(* There is an absolute constant $C<\infty$ such that for every $n\ge1$, $\|M_{\mathrm{Sen}(\mathcal S)}\|_{2\to2}\le C\,\|M_{\mathrm{Sen}(\mathcal N)}\|_{2\to2}$.
   Context: Let $\mathbb{I}^n=\{0,1\}^n$ with Hamming distance $d$, and $V=\mathbb{R}^{\mathbb{I}^n}$ with $\|f\|_2=(\sum_x f(x)^2)^{1/2}$. For $0\le k\le n$, $(S_kf)(x)=\binom{n}{k}^{-1}\sum_{y:\,d(x,y)=k}f(y)$. For a family $\mathcal A$ of linear operators on $V$, $(M_{\mathcal A}f)(x)=\sup_{A\in\mathcal A}(Af)(x)$. $\mathcal S=\{S_k\}_{k=0}^n$ and $\mathrm{Sen}(\mathcal S)_k=\frac{1}{k+1}\sum_{\ell=0}^kS_\ell$ for $0\le k\le n$. For real $t\ge0$, with $p=(1-e^{-t})/2$, the noise operator is $N_t=\sum_{k=0}^n\binom nk p^k(1-p)^{n-k}S_k$, and $\mathrm{Sen}(\mathcal N)=\{\mathrm{Sen}(\mathcal N)_T\}_{T\ge0}$ with $\mathrm{Sen}(\mathcal N)_T=\frac1T\int_0^TN_t\,dt$ for $T>0$ and $\mathrm{Sen}(\mathcal N)_0=N_0=$ identity (the limit as $T\downarrow0$). For a sublinear operator $M$, $\|M\|_{2\to2}=\sup_{f\ne0}\|Mf\|_2/\|f\|_2$. *)

From HB Require Import structures.
From mathcomp Require Import all_boot all_order all_algebra.
From mathcomp Require Import all_classical all_reals all_analysis.
Set Implicit Arguments. Unset Strict Implicit. Unset Printing Implicit Defensive.
Import Order.TTheory GRing.Theory Num.Theory.
Import numFieldNormedType.Exports.
Local Open Scope classical_set_scope.
Local Open Scope ring_scope.
(* Every real hypersurface $M^3$ in $\mathbb{C}P^2$ or $\mathbb{C}H^2$ satisfies $\langle S^*X,Y\rangle=\frac{\rho^*}{2}\langle X,Y\rangle$ for all $X,Y\in W^\perp$, with $$\frac{\rho^*}{2}=4c+\lambda\nu-\mu^2,$$ where, at each point, $X_0\in W^\perp$ is a unit vector with $\langle AW,\varphi X_0\rangle=0$ (e.g. $X_0$ the unit vector with $AW=\alpha W+\beta X_0$, $\beta>0$, where $AW\ne\alpha W$), $Y_0=\varphi X_0$, $\lambda=\langle AX_0,X_0\rangle$, $\mu=\langle AX_0,Y_0\rangle$, $\nu=\langle AY_0,Y_0\rangle$.
   Context: $\mathbb{C}P^2$, $\mathbb{C}H^2$ carry Kähler metrics of constant holomorphic sectional curvature $4c\ne0$, complex structure $J$, connection $\widetilde\nabla$. For a real hypersurface $M$ with unit normal $\xi$: $W$ with $JW=\xi$; $W^\perp$ the holomorphic distribution; $\varphi X=JX-\langle X,W\rangle\xi$; $AX=-\widetilde\nabla_X\xi$; $\alpha=\langle AW,W\rangle$; $R$ the curvature tensor of $M$ ($R(X,Y)=\nabla_X\nabla_Y-\nabla_Y\nabla_X-\nabla_{[X,Y]}$). The *-Ricci tensor $S^*$ is defined by $\langle S^*X,Y\rangle=\tfrac12\operatorname{trace}\{Z\mapsto\varphi R(X,\varphi Y)Z\}$ and $\rho^*=\operatorname{trace}S^*$. *)

(* Pointwise (linear-algebraic) model of a real hypersurface
   M^3 in CP^2 / CH^2 at a point p. *)
From HB Require Import structures.
From mathcomp Require Import all_boot all_order all_algebra.
Set Implicit Arguments. Unset Strict Implicit. Unset Printing Implicit Defensive.
Import Order.TTheory GRing.Theory Num.Theory.
Local Open Scope ring_scope.

Section Defs.
Variable R : realFieldType.
Notation V := 'rV[R]_4.   (* tangent space of the ambient space at p *)

Definition ip (u v : V) : R := (u *m v^T) 0 0.

(* J is the complex structure (acting on row vectors: Jv = v *m J) *)
Definition cplx_structure (J : 'M[R]_4) : Prop :=
  J *m J = - 1%:M /\ J *m J^T = 1%:M.

(* tangent space T_pM = xi^perp, orthogonal projection onto it *)
Definition tangent (xi X : V) : Prop := ip X xi = 0.
Definition tproj (xi v : V) : V := v - ip v xi *: xi.

(* W with JW = xi *)
Definition Wvec (J : 'M[R]_4) (xi : V) : V := - (xi *m J).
============================================================
Here the job is to set down exactly the lines of the material above that fall between the one with "Import numFieldNormedType.Exports." and the one with "(* Every real", inclusive, and nothing beyond them.

RESULT OF THE EXERCISE ::
Import numFieldNormedType.Exports.
Local Open Scope classical_set_scope.
Local Open Scope ring_scope.
(* Every real hypersurface $M^3$ in $\mathbb{C}P^2$ or $\mathbb{C}H^2$ satisfies $\langle S^*X,Y\rangle=\frac{\rho^*}{2}\langle X,Y\rangle$ for all $X,Y\in W^\perp$, with $$\frac{\rho^*}{2}=4c+\lambda\nu-\mu^2,$$ where, at each point, $X_0\in W^\perp$ is a unit vector with $\langle AW,\varphi X_0\rangle=0$ (e.g. $X_0$ the unit vector with $AW=\alpha W+\beta X_0$, $\beta>0$, where $AW\ne\alpha W$), $Y_0=\varphi X_0$, $\lambda=\langle AX_0,X_0\rangle$, $\mu=\langle AX_0,Y_0\rangle$, $\nu=\langle AY_0,Y_0\rangle$.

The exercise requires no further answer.